WASHINGTON–The two top U.S. generals in charge of military operations in Africa and the Middle East told the Senate Armed Service Committee on Thursday proposed budget cuts at the State Department could hamper the joint departmental effort to fight extremism.

“We work very closely with various agencies,” said Marine Corps Gen. Thomas Waldhauser, in charge of United States Africa Command. “Our partnership … is key to achieving enduring success.”

The Trump administration, in its budget proposal for 2018, announced last month a plan to cut nearly $20 billion from the State Department and the U.S. Agency for International Deveopment, reducing it by nearly 37 percent while dramatically increasing military funding.

The committee members called on Waldhauser and Army Gen. Joseph Votel, head of United States Central Command, with responsibilities for the Middle East, and questioned how the Trump budget cuts would affect their operations.

Several key Republicans and retired military officials have spoken out against the cuts, arguing that they would reduce so-called soft power undermining U.S. national security.

Senate Armed Services Committee members voiced those concerns.

“ISIS will be celebrating,” said Sen. Lindsey Graham, R-S.C., because the “U.S. cannot win the war if we ‘gut’ the State Department budget.”

Sen. Elizabeth Warren, D-Mass., called the proposed cuts “just not smart” for national security. Sen. Jack Reed, D-R.I., said the United States “can’t keep buying bullets, as the Trump administration is proposing.”

Warren asked the generals: “[Are] the acts of the State Department and other civilian agencies [in these regions]are a waste of time and money?” Both men said no.

Votel and Waldhauser said the military could not succeed in its mission to combat extremism without the State Department and USAID.

Waldhauser said military strategy in Africa is a “long-term, regionally focused approach” to stability.

“Together, we work to address the root causes of violent extremism, lack of accountable government systems, poor education opportunities and social and economic deficiencies,” he said.

Waldhauser also said that extremist groups take advantage of instability and poverty to make gains in Africa.

In Somalia, corruption and famine have left the country vulnerable to extremist groups like Al Shabab and the Islamic State “making inroads,” Waldhauser said.

Boko Haram is still active in Nigeria, and Islamic State-related groups have emerged in other western African countries.

Diplomacy and assistance should focus on the youth bulge in Africa, said Waldhauser, who called demographics one of the biggest challenges.

About 40 percent of the continent’s population is under the age of 15, according to a 2015 report from the United Nations Economic Commission for Africa.

The United States should work to create economic opportunities, Waldhauser said, which would stop extremist groups from exploiting the vulnerabilities of young men in the region.

“[The U.S.] could knock out Boko Haram tomorrow, but the reason people joined the group is because they needed a job,” he said. “They needed a livelihood.”
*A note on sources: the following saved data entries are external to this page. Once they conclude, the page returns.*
(* Let $\mathcal H\subseteq\mathcal Y^{\mathcal X}$, $S\in\mathcal X^n$. Then $\mathsf{Hall}^{\mathrm{ag}}(G_{\mathrm{ag}}(\mathcal H|_S))$ is the greatest (supremum) $\alpha$ for which $G_{\mathrm{ag}}(\mathcal H|_S)$ is $\alpha$-agnostic-orientable, where orientations may be randomized (fractional).
   Context: For $S=(x_1,\dots,x_n)$ and $v\in\mathcal Y^n$, $\|v-\mathcal H\|_0=\min_{h\in\mathcal H}|\{i:h(x_i)\ne v_i\}|$. The agnostic one-inclusion graph $G_{\mathrm{ag}}(\mathcal H|_S)=(V,E)$ has $V=\mathcal Y^n$ and one edge for each $i\in[n]$ and each labeling $e$ of the coordinates other than $i$, incident to all $v$ agreeing with $e$ off coordinate $i$. A randomized (fractional) orientation assigns each edge a probability distribution over its incident vertices; indegree = total amount received. $G_{\mathrm{ag}}(\mathcal H|_S)$ is $\alpha$-agnostic-orientable if some such orientation gives every vertex $v$ indegree $\ge\alpha-\|v-\mathcal H\|_0$. For $U\subseteq V$, $E[U]$ is the set of edges with an incident node in $U$, and $\mathsf{Hall}^{\mathrm{ag}}(G_{\mathrm{ag}}(\mathcal H|_S))=\inf\big\{\big(|E[U]|+\sum_{u\in U}\|u-\mathcal H\|_0\big)/|U|: U\subseteq V, 0<|U|<\infty\big\}$. *)

From HB Require Import structures.
From mathcomp Require Import all_boot all_order all_algebra.
From mathcomp Require Import finmap.
From mathcomp Require Import all_classical all_reals.
From mathcomp Require Import ereal esum.
Set Implicit Arguments. Unset Strict Implicit. Unset Printing Implicit Defensive.
Import Order.TTheory GRing.Theory Num.Theory.
Local Open Scope classical_set_scope.
Local Open Scope ring_scope.
Local Open Scope fset_scope.
Local Open Scope ereal_scope.
Local Open Scope ring_scope.

Section AgnosticOIG.
Variables (R : realType) (X : Type) (Y : choiceType) (n : nat).
Variables (H : set (X -> Y)) (S : 'I_n -> X).

Definition agV := {ffun 'I_n -> Y}.

Definition mismatch (h : X -> Y) (v : agV) : nat :=
  #|[set i : 'I_n | h (S i) != v i]|.

(* ||v - H||_0 = min_{h in H} mismatch, as an extended real
   (+oo when H is empty, by the convention inf set0 = +oo) *)
Definition agdist (v : agV) : \bar R :=
  ereal_inf [set ((mismatch h v)%:R)%:E | h in H].

Definition agupd (v : agV) (i : 'I_n) (y : Y) : agV :=
  [ffun j => if j == i then y else v j].

(* The edge of direction i containing v is determined by the labeling of
   the coordinates other than i: key i v. *)
Definition edge_key (i : 'I_n) (v : agV) : 'I_n * {ffun 'I_n -> option Y} :=
  (i, [ffun j => if j == i then None else Some (v j)]).

Definition num_edges_touching (U : {fset agV}) : nat :=
  #|` [fset edge_key i v | i in [fset i | i in 'I_n], v in U] |.

Definition hall_ag : \bar R :=
  ereal_inf [set ((((num_edges_touching U)%:R)%:E + \sum_(u <- U) agdist u)
                   * ((#|` U|%:R)^-1)%:E)%E
            | U in [set U : {fset agV} | U != fset0]].

(* A randomized (fractional) orientation, encoded as o i v = probability mass
   that the direction-i edge through v sends to the incident vertex v.
   The incident vertices of that edge are exactly the agupd v i y, y : Y,
   so the distribution condition is: nonnegative and total mass 1. *)
Definition rand_orientation (o : 'I_n -> agV -> R) : Prop :=
  (forall i v, 0 <= o i v) /\
  (forall i v, \esum_(y in [set: Y]) (o i (agupd v i y))%:E = 1%E).

Definition indegree (o : 'I_n -> agV -> R) (v : agV) : R :=
  \sum_(i < n) o i v.

Definition ag_orientable (alpha : R) : Prop :=
  exists o, rand_orientation o /\
    forall v : agV, (alpha%:E - agdist v <= (indegree o v)%:E)%E.

End AgnosticOIG.

From HB Require Import structures.
From mathcomp Require Import all_boot all_order all_algebra.
From mathcomp Require Import finmap.
From mathcomp Require Import all_classical all_reals.
From mathcomp Require Import ereal esum topology normedtype.
From mathcomp Require Import lra zify.
Set Implicit Arguments. Unset Strict Implicit. Unset Printing Implicit Defensive.
Import Order.TTheory GRing.Theory Num.Theory numFieldNormedType.Exports.
Local Open Scope ring_scope.

(* An orientation sends at most one unit of mass through each edge, so the
   vertices of a finite set U receive at most |E[U]| in total, while each
   u in U needs alpha - ||u - H||_0: every achievable alpha is below
   Hall^ag.  Conversely let beta <= Hall^ag.  For finite F, give every edge
   meeting F supply 1 and every u in F demand beta - ||u - H||_0; the
   definition of Hall^ag is exactly Hall's condition, so the supply-demand
   (fractional Hall) theorem yields a partial orientation serving F.
   Partial orientations form a compact subset of [0,1]^([n] x Y^n)
   (Tychonoff) on which each demand is a closed constraint, so one of them
   serves all vertices; sending the mass an edge does not deliver to one
   fixed endpoint turns it into a randomized orientation. *)

Lemma sum_indicator_seq (R : pzSemiRingType) (T : eqType) (r : seq T) (x0 : T)
    (g : T -> R) :
  uniq r -> \sum_(x <- r) ((x == x0)%:R * g x) = (x0 \in r)%:R * g x0.
Proof.
move=> ur; case: (boolP (x0 \in r)) => x0r.
  rewrite (bigD1_seq x0) //= eqxx mul1r big1 ?addr0 // => x /negbTE ->.
  by rewrite mul0r.
rewrite mul0r big_seq big1 // => x xr.
by case: eqVneq xr => [->|_ _]; [rewrite (negbTE x0r)|rewrite mul0r].
Qed.

Lemma sum_indicator (R : pzSemiRingType) (T : finType) (x0 : T) (g : T -> R) :
  \sum_x ((x == x0)%:R * g x) = g x0.
Proof. by rewrite sum_indicator_seq ?index_enum_uniq // mem_index_enum mul1r. Qed.

Lemma bigmin_attained (R : realDomainType) (I : finType) (P : pred I)
    (F : I -> R) (x0 : R) :
  \big[Num.min/x0]_(i | P i) F i = x0 \/
  exists2 i, P i & \big[Num.min/x0]_(i | P i) F i = F i.
Proof.
elim/big_rec: _ => [|i x Pi]; first by left.
by case: leP => _ // _; right; exists i.
Qed.

Section SupplyDemand.
Variables (R : realFieldType) (A B : finType) (adj : A -> B -> bool).
Implicit Types (SA : {set A}) (SB U W : {set B}) (c : A -> R) (b : B -> R).

Definition nbhd U : {set A} := [set a | [exists v in U, adj a v]].

Definition feasible_flow SA SB c b (f : A -> B -> R) :=
  [/\ forall a v, 0 <= f a v,
      forall a v, f a v != 0 -> [&& adj a v, a \in SA & v \in SB],
      forall a, \sum_v f a v <= c a &
      forall v, v \in SB -> b v <= \sum_a f a v].

Definition hall_slack SA U c b :=
  \sum_(a in SA :&: nbhd U) c a - \sum_(v in U) b v.

Definition hall_condition SA SB c b :=
  forall U, U \subset SB -> \sum_(v in U) b v <= \sum_(a in SA :&: nbhd U) c a.

Definition dec_at (T : eqType) (g : T -> R) (x0 : T) (t : R) (x : T) :=
  g x - (x == x0)%:R * t.

Lemma sum_dec_at (T : finType) (X : {pred T}) (g : T -> R) x0 t :
  \sum_(x in X) dec_at g x0 t x = \sum_(x in X) g x - (x0 \in X)%:R * t.
Proof.
rewrite sumrB; congr (_ - _).
by rewrite -big_enum (sum_indicator_seq x0 (fun=> t)) ?enum_uniq // mem_enum.
Qed.

Lemma dec_at_ge0 (T : eqType) (g : T -> R) x0 t x :
  (forall x, 0 <= g x) -> t <= g x0 -> 0 <= dec_at g x0 t x.
Proof.
move=> g0 tg; rewrite /dec_at.
by case: eqVneq => [->|]; rewrite ?mul1r ?mul0r ?subr_ge0 ?subr0.
Qed.

Lemma dec_atxx (T : eqType) (g : T -> R) x0 : dec_at g x0 (g x0) x0 = 0.
Proof. by rewrite /dec_at eqxx mul1r subrr. Qed.

Lemma nbhdS U W : U \subset W -> nbhd U \subset nbhd W.
Proof.
move=> /fintype.subsetP sUW; apply/fintype.subsetP => x.
by rewrite !inE => /existsP[y /andP[yU ay]]; apply/existsP; exists y; rewrite sUW.
Qed.

Lemma nbhdU U W : nbhd (U :|: W) = nbhd U :|: nbhd W.
Proof.
apply/finset.setP => x; rewrite !inE; apply/existsP/orP.
  by move=> [y]; rewrite inE => /andP[/orP[] yin ay]; [left|right];
    apply/existsP; exists y; rewrite yin.
by move=> [] /existsP[y /andP[yin ay]]; exists y; rewrite inE yin ?orbT.
Qed.

Lemma feasible_flow_eq0 SA SB c b f a v :
  feasible_flow SA SB c b f -> a \notin SA -> f a v = 0.
Proof. by move=> [_ fs _ _] aSA; apply/eqP; apply: contraNT aSA => /fs /and3P[]. Qed.

Lemma feasible_flow0 SA c b :
  (forall a, 0 <= c a) -> feasible_flow SA finset.set0 c b (fun _ _ => 0).
Proof.
by move=> c0; split=> // [a v|a|v]; rewrite ?eqxx ?inE ?big1.
Qed.

Lemma feasible_flow_supplyS SA SA' SB c b f :
  SA' \subset SA -> feasible_flow SA' SB c b f -> feasible_flow SA SB c b f.
Proof.
by move=> /fintype.subsetP sA [f0 fs fc fb]; split=> // a v /fs /and3P[-> /sA -> ->].
Qed.

Lemma feasible_flow_setD1_demand SA SB c b f v :
  b v <= 0 -> feasible_flow SA (SB :\ v) c b f -> feasible_flow SA SB c b f.
Proof.
move=> bv [f0 fs fc fb]; split=> // [a y|y ySB].
  by move=> /fs /and3P[-> -> /setD1P[]].
case: (eqVneq y v) => [->|yv]; first by apply: le_trans bv (sumr_ge0 _ _).
by apply: fb; rewrite !inE yv.
Qed.

Lemma feasible_flow_augment SA SB c b a v t g :
  a \in SA -> v \in SB -> adj a v -> 0 <= t ->
  feasible_flow SA SB (dec_at c a t) (dec_at b v t) g ->
  feasible_flow SA SB c b (fun x y => g x y + (x == a)%:R * ((y == v)%:R * t)).
Proof.
move=> aSA vSB av t0 [g0 gs gc gb]; split.
- by move=> x y; rewrite addr_ge0 // !mulr_ge0.
- move=> x y /=; case: (eqVneq (g x y) 0) => [->|/gs //].
  rewrite add0r; case: (eqVneq x a) => [->|_]; last by rewrite mul0r eqxx.
  case: (eqVneq y v) => [->|_]; last by rewrite mul0r mulr0 eqxx.
  by rewrite av aSA vSB.
- move=> x; rewrite big_split /= -mulr_sumr sum_indicator.
  by have := gc x; rewrite /dec_at; lra.
- move=> y ySB; rewrite big_split /= sum_indicator.
  by have := gb y ySB; rewrite /dec_at; lra.
Qed.

Lemma feasible_flow_split SA SB U0 c b f1 f2 :
  U0 \subset SB ->
  feasible_flow (SA :&: nbhd U0) U0 c b f1 ->
  feasible_flow (SA :\: nbhd U0) (SB :\: U0) c b f2 ->
  feasible_flow SA SB c b (fun x y => f1 x y + f2 x y).
Proof.
move=> /fintype.subsetP sU0 hf1 hf2; case: (hf1) => f10 f1s f1c f1b.
case: (hf2) => f20 f2s f2c f2b; split.
- by move=> x y; rewrite addr_ge0.
- move=> x y; case: (eqVneq (f1 x y) 0) => [->|/f1s /and3P[-> /setIP[-> _] /sU0 ->]] //.
  by rewrite add0r => /f2s /and3P[-> /setDP[-> _] /setDP[-> _]].
- move=> x; rewrite big_split /=; case: (boolP (x \in nbhd U0)) => xN.
    rewrite [X in _ + X]big1 ?addr0 // => y _.
    by apply: feasible_flow_eq0 hf2 _; rewrite inE xN.
  rewrite [X in X + _]big1 ?add0r // => y _.
  by apply: feasible_flow_eq0 hf1 _; rewrite inE (negbTE xN) andbF.
- move=> y ySB; rewrite big_split /=; case: (boolP (y \in U0)) => yU.
    by apply: le_trans (f1b y yU) _; rewrite lerDl sumr_ge0.
  by apply: le_trans (f2b y _) _; rewrite ?inE ?yU // lerDr sumr_ge0.
Qed.

Lemma hall_condition_demandS SA SB SB' c b :
  SB' \subset SB -> hall_condition SA SB c b -> hall_condition SA SB' c b.
Proof. by move=> sB hH U sU; apply: hH; apply: fintype.subset_trans sU sB. Qed.

Lemma hall_condition_setD1_supply SA SB c b a :
  c a = 0 -> hall_condition SA SB c b -> hall_condition (SA :\ a) SB c b.
Proof.
move=> ca hH U sU; apply: le_trans (hH U sU) _.
have -> : (SA :\ a) :&: nbhd U = (SA :&: nbhd U) :\ a by rewrite finset.setIDAC.
case: (boolP (a \in SA :&: nbhd U)) => aN.
  by rewrite [leLHS](big_setD1 a aN) /= ca add0r.
have /finset.setDidPl -> // : [disjoint SA :&: nbhd U & [set a]].
by rewrite disjoint_sym disjoints1.
Qed.

Lemma hall_condition_restrict SA SB U0 c b :
  U0 \subset SB -> hall_condition SA SB c b ->
  hall_condition (SA :&: nbhd U0) U0 c b.
Proof.
move=> sU0 hH W sW.
have -> : SA :&: nbhd U0 :&: nbhd W = SA :&: nbhd W.
  by rewrite -finset.setIA; congr (_ :&: _); apply/finset.setIidPr/nbhdS.
by apply: hH; apply: fintype.subset_trans sW sU0.
Qed.

Lemma hall_condition_contract SA SB U0 c b :
  U0 \subset SB -> hall_slack SA U0 c b = 0 -> hall_condition SA SB c b ->
  hall_condition (SA :\: nbhd U0) (SB :\: U0) c b.
Proof.
move=> sU0 tight hH W sW.
have WU0 y : y \in W -> y \notin U0 by move/(fintype.subsetP sW)/setDP => [].
have sWU : W :|: U0 \subset SB.
  by rewrite finset.subUset sU0 andbT (fintype.subset_trans sW) ?subsetDl.
have := hH _ sWU.
rewrite [leLHS](big_setID U0) [leRHS](big_setID (nbhd U0)) /=.
have -> : (W :|: U0) :&: U0 = U0.
  by apply/finset.setP => y; rewrite !inE; case: (y \in U0); rewrite ?orbT ?andbF.
have -> : (W :|: U0) :\: U0 = W.
  apply/finset.setP => y; rewrite !inE.
  by case: (boolP (y \in W)) => [/WU0 -> //|_] /=; rewrite andNb.
have -> : SA :&: nbhd (W :|: U0) :&: nbhd U0 = SA :&: nbhd U0.
  by apply/finset.setP => x; rewrite nbhdU !inE; case: (x \in SA);
    case: [exists y in U0, adj x y]; rewrite /= ?andbT ?andbF ?orbT.
have -> : SA :&: nbhd (W :|: U0) :\: nbhd U0 = (SA :\: nbhd U0) :&: nbhd W.
  by apply/finset.setP => x; rewrite nbhdU !inE; case: (x \in SA);
    case: [exists y in U0, adj x y]; rewrite /= ?andbT ?andbF ?orbF.
by move: tight; rewrite /hall_slack; lra.
Qed.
Votel agreed with Waldhauser that the military must work with the “soft power” of diplomacy and development aid.

“No other country in the world has a military with a greater ability than the U.S.,” Votel said. “However, a solely military response is not sufficient. We must continue to look for ways to further enhance our effectiveness.”

Warren said she was confident that the United States would be able to defeat the Islamic State, but asked Votel about Syria after that. “We need to be careful that we don’t create an environment that breeds the next generation of extremists [in Syria],” she said.

Votel agreed that the United States had to “follow military operations against [the Islamic State]with good local governance, humanitarian aid, restoring amenities and local hold forces.”

He said the State Department would have a crucial role in establishing many of those programs.

Ultimately, the generals both said that despite U.S. military might, diplomacy and foreign aid were still required.

“We can knock off all of [the Islamic State]and Boko Haram this afternoon, but by the end of the week, those ranks would be filled,” Waldhauser said. “I’m not the first to say we can’t kill our way to victory.”